I've played around with the parameters in the url variable above, changing utf8 to UTF-8, etc.. nothing sticks. (I've changed the query to remove my table structure, but i confirmed that it works - delta imports work fine)

For schema.xml, I started from the collection1/conf/schema.xml, removed all the unneccessary fields, and added my own.
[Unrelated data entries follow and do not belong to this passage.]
(* There exist constants $m_0\in\mathbb N$ and $C>0$ such that for all $n$, all $m>m_0$ and all $p\in(0,1)$ with $mp^3\le1$, $$\|\bar g_1\ast_1^0\bar g_1\|_2^2\le C\big(mp^5e^{-4mp^2}+(mp^3)^2e^{-4mp^2}\big),$$ $$\|\bar g_2\ast_1^1\bar g_2\|_2^2\le C\big(mp^4e^{-4mp^2}+(mp^3)^2e^{-4mp^2}\big),$$ $$\|\bar g_2\ast_1^1\bar g_1\|_2^2\le C\big(mp^5e^{-4mp^2}+(mp^3)^2e^{-4mp^2}\big).$$
   Context: $\mu_{m,p}$ is the measure on $\{0,1\}^m$ with $\mu_{m,p}(x)=p^{|x|}(1-p)^{m-|x|}$, $|x|=\sum_ix_i$; norms are $L^2$ norms with respect to products of $\mu_{m,p}$. $g:\{0,1\}^m\times\{0,1\}^m\to\{0,1\}$, $g(x,y)=1$ if $x_i=y_i=1$ for some $i$ and $0$ otherwise; $g_1(x)=\int g(x,y)\,d\mu_{m,p}(y)$; $\hat p=1-(1-p^2)^m$; $\bar g_2=g-\hat p$, $\bar g_1=g_1-\hat p$. Contraction: for $f$ on $(\{0,1\}^m)^k$, $h$ on $(\{0,1\}^m)^l$, $0\le a\le b\le k\wedge l$: $f\ast_b^ah(x_1,\ldots,x_{b-a},y_1,\ldots,y_{k-b},z_1,\ldots,z_{l-b})=\int_{(\{0,1\}^m)^a}f(w,x,y)h(w,x,z)\,d\mu_{m,p}^{\otimes a}(w)$. *)

From mathcomp Require Import all_boot all_order all_algebra.
From mathcomp Require Import reals sequences exp.
Set Implicit Arguments. Unset Strict Implicit. Unset Printing Implicit Defensive.
Import Order.TTheory GRing.Theory Num.Theory.
Local Open Scope ring_scope.

Section Defs.
Variables (R : realType) (m : nat) (p : R).

Definition pt := {ffun 'I_m -> bool}.
Definition pt0 : pt := [ffun => false].

Definition wt (x : pt) : nat := (\sum_i (x i : nat))%N.

Definition mu (x : pt) : R := p ^+ wt x * (1 - p) ^+ (m - wt x).

Definition mu_seq (s : seq pt) : R := \prod_(w <- s) mu w.

(* integral of a function of j variables in ({0,1}^m)^j against mu^{(x) j};
   functions of several variables are represented as functions on sequences
   of points (only the first j entries matter) *)
Definition intj (j : nat) (F : seq pt -> R) : R :=
  \sum_(s : j.-tuple pt) mu_seq s * F s.

Definition norm2sq (j : nat) (F : seq pt -> R) : R := intj j (fun s => F s ^+ 2).

(* number of variables of the contraction f *_b^a h, f of k, h of l variables *)
Definition contr_dim (k l a b : nat) : nat := (b - a + (k - b) + (l - b))%N.

(* contraction: (f *_b^a h)(x_1..x_{b-a}, y_1..y_{k-b}, z_1..z_{l-b})
     = int f(w,x,y) h(w,x,z) dmu^{(x) a}(w) *)
Definition contr (k l a b : nat) (f h : seq pt -> R) : seq pt -> R :=
  fun s =>
    let x := take (b - a) s in
    let y := take (k - b) (drop (b - a) s) in
    let z := drop (b - a + (k - b)) s in
    intj a (fun w => f (w ++ x ++ y) * h (w ++ x ++ z)).

Definition g (x y : pt) : R := if [exists i, x i && y i] then 1 else 0.

Definition g1 (x : pt) : R := \sum_(y : pt) mu y * g x y.

Definition phat : R := 1 - (1 - p ^+ 2) ^+ m.

Definition gbar2 (s : seq pt) : R := g (nth pt0 s 0) (nth pt0 s 1) - phat.
Definition gbar1 (s : seq pt) : R := g1 (nth pt0 s 0) - phat.

End Defs.

Arguments mu {R} m p x.
Arguments mu_seq {R} m p s.
Arguments intj {R} m p j F.
Arguments norm2sq {R} m p j F.
Arguments contr {R} m p k l a b f h _.
Arguments g1 {R} m p x.
Arguments phat {R} m p.
Arguments gbar2 {R} m p s.
Arguments gbar1 {R} m p s.

From mathcomp Require Import all_boot all_order all_algebra.
From mathcomp Require Import reals sequences exp.
From mathcomp Require Import ring lra.
Set Implicit Arguments. Unset Strict Implicit. Unset Printing Implicit Defensive.
Import Order.TTheory GRing.Theory Num.Theory.
Local Open Scope ring_scope.

(* Both g and g_1 factorise over the m coordinates: 1 - g(x,y) and 1 - g_1(x)
   are products of one-coordinate factors, and phat = 1 - (1-p^2)^m.  Hence each
   of the three squared norms is a signed sum of 16 terms c_w q_w^m whose
   coefficients sum to 0 and whose bases satisfy q_w = P + O(p^3), where
   P = (1-p^2)^4.  Expanding q_w^m around P to second order, the zeroth order
   cancels, the first order is m (sum c_w q_w) / P = O(m p^k), the second order is
   O(m^2 p^6) = O((m p^3)^2), and the cubic remainder is
   O((m p^3)^3 e^(O(m p^3))) = O((m p^3)^2) because m p^3 <= 1.  Finally
   P^m <= e^(-4 m p^2), and m p^3 <= 1 with m > 8 forces p <= 1/2. *)

Section ProductMeasure.
Variables (R : realType) (m : nat) (p : R).

Definition bern_mean (f : bool -> R) : R := (1 - p) * f false + p * f true.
All text fields (that are varchars in mysql) are set to text_general Example field:

<field name="msg"       type="text_general"     indexed="true"  stored="true"  multiValued="true"/>

(the field above would have unicode characters in it.
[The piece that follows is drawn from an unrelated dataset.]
(* There is an $\mathrm{FP}$-formula $\varphi_{1}(x,y,y')$ over the vocabulary $\{E\}$ such that for all prime permutation graphs $G=(V,E)$ and all $w,v,v'\in V$: $G\models\varphi_{1}[w,v,v']$ iff $v\vartriangleleft_1^w v'$; and for any such formula, $\varphi(x,y,y'):=\varphi_{1}(x,y,y')\lor y=y'$ defines orders on the class of prime permutation graphs, i.e., for every prime permutation graph $G$ there is $w\in V$ such that $\{(v,v')\mid G\models\varphi[w,v,v']\}$ is a linear order on $V$.
   Context: Graphs are finite, simple, undirected, with nonempty vertex set. A module of $G$ is a nonempty $M\subseteq V$ such that every vertex outside $M$ is adjacent to all or none of $M$; $G$ is prime if its only modules are $V$ and the singletons. A realizer of $G$ is a pair $(<_1,<_2)$ of strict linear orders on $V$ such that distinct $u,v$ are adjacent iff they appear in different orders in $<_1$ and $<_2$; $G$ is a permutation graph if it has a realizer. For a pair of binary relations $(\lhd_1,\lhd_2)$ on $V$: its transitive closure is $(\lhd_1^T,\lhd_2^T)$ (componentwise); its closure under $E$ is $(\lhd_1^E,\lhd_2^E)$ where, for $i\in[2]$, $\lhd_i^E=\lhd_i\cup\{(v,u)\mid u\lhd_{3-i}v,\ \{u,v\}\in E\}\cup\{(u,v)\mid u\lhd_{3-i}v,\ \{u,v\}\notin E\}$. For $w\in V$ define $\lhd_{1,0}^w=\{(w,v)\mid v\ne w\}$, $\lhd_{2,0}^w=\emptyset$, and for $k\ge0$, $(\lhd_{1,k+1}^w,\lhd_{2,k+1}^w)=((\lhd_{1,k}^w,\lhd_{2,k}^w)^E)^T$; $\lhd_i^w$ is the stabilized value. $\mathrm{FP}$ is (inflationary) fixed-point logic, i.e., first-order logic extended with inflationary fixed-point operators. *)

From mathcomp Require Import all_boot.
From Stdlib Require Import Relations.
Set Implicit Arguments. Unset Strict Implicit. Unset Printing Implicit Defensive.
The text_general field definition is:

<fieldType name="text_general" class="solr.TextField" positionIncrementGap="100">
  <analyzer type="index">
    <tokenizer class="solr.StandardTokenizerFactory"/>
    <filter class="solr.StopFilterFactory" ignoreCase="true" words="stopwords.txt" enablePositionIncrements="true" />
    <!-- in this example, we will only use synonyms at query time
    <filter class="solr.SynonymFilterFactory" synonyms="index_synonyms.txt" ignoreCase="true" expand="false"/>
    -->
    <filter class="solr.LowerCaseFilterFactory"/>
  </analyzer>
  <analyzer type="query">
    <tokenizer class="solr.StandardTokenizerFactory"/>
    <filter class="solr.StopFilterFactory" ignoreCase="true" words="stopwords.txt" enablePositionIncrements="true" />
    <filter class="solr.SynonymFilterFactory" synonyms="synonyms.txt" ignoreCase="true" expand="true"/>
    <filter class="solr.LowerCaseFilterFactory"/>
  </analyzer>
</fieldType>

Just to make sure that SOLR plays nice with unicode chars, I imported the example utf8-example.xml schema that is provided in the download of SOLR 4 into "collection1", and it does indeed idex the example chars. I added some Chinese to the xml file, imported it, and queried against collection1, and I get chinese characters.

So I suspect it is somewhere in the DataImportHandler.

Has anyone encountered this before and come up with a solution?

Thank you so much! Chris

Solution

Fixed it - was actually a DB issue.